Collected data
* * * * *

(* The maps x |-> 1 - x and x |-> x/2 commute
   with the sup/inf defining F^w (the first swapping them), which gives the
   clauses for negation and 1/2.  For the other connectives one shows that
   inside inf_{q'<=q} the strong values may be replaced by weak ones: F^w <= F
   gives one inequality, and a lower bound for F below q' is one for F^w at q'.
   For a sum the bound has to be shared between the two summands, which uses
   that F decreases along extensions. *)

From Pilot Require Import Defs.
From HB Require Import structures.
From mathcomp Require Import all_boot all_order all_algebra.
From mathcomp Require Import boolp classical_sets reals.
From mathcomp Require Import lra.
Set Implicit Arguments. Unset Strict Implicit. Unset Printing Implicit Defensive.
Import Order.TTheory GRing.Theory Num.Theory.
Local Open Scope ring_scope.
Local Open Scope classical_set_scope.

Section image_sup_inf.
Context {R : realType} {T : Type}.
Implicit Types (A : set T) (g : T -> R).

Lemma has_ubound_image A g (b : R) : (forall t, A t -> g t <= b) ->
  has_ubound [set g t | t in A].
Proof. by move=> gb; exists b => _ [t At <-]; exact: gb. Qed.

Lemma has_lbound_image A g (a : R) : (forall t, A t -> a <= g t) ->
  has_lbound [set g t | t in A].
Proof. by move=> ag; exists a => _ [t At <-]; exact: ag. Qed.

Lemma image_le_sup A g t : has_ubound [set g t | t in A] -> A t ->
  g t <= sup [set g t | t in A].
Proof. by move=> ubg At; apply: ub_le_sup ubg _ _; exists t. Qed.

Lemma ge_sup_image A g (a : R) : A !=set0 -> (forall t, A t -> g t <= a) ->
  sup [set g t | t in A] <= a.
Proof.
move=> [t0 At0] ga; apply: ge_sup; first by exists (g t0), t0.
by move=> _ [t At <-]; exact: ga.
Qed.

* * * * *

About this task: Pull every line holding "Import" out of the records.

Solved exercise:
From Pilot Require Import Defs.
From HB Require Import structures.
From mathcomp Require Import all_boot all_order all_algebra.
From mathcomp Require Import boolp classical_sets reals.
From mathcomp Require Import lra.
Import Order.TTheory GRing.Theory Num.Theory.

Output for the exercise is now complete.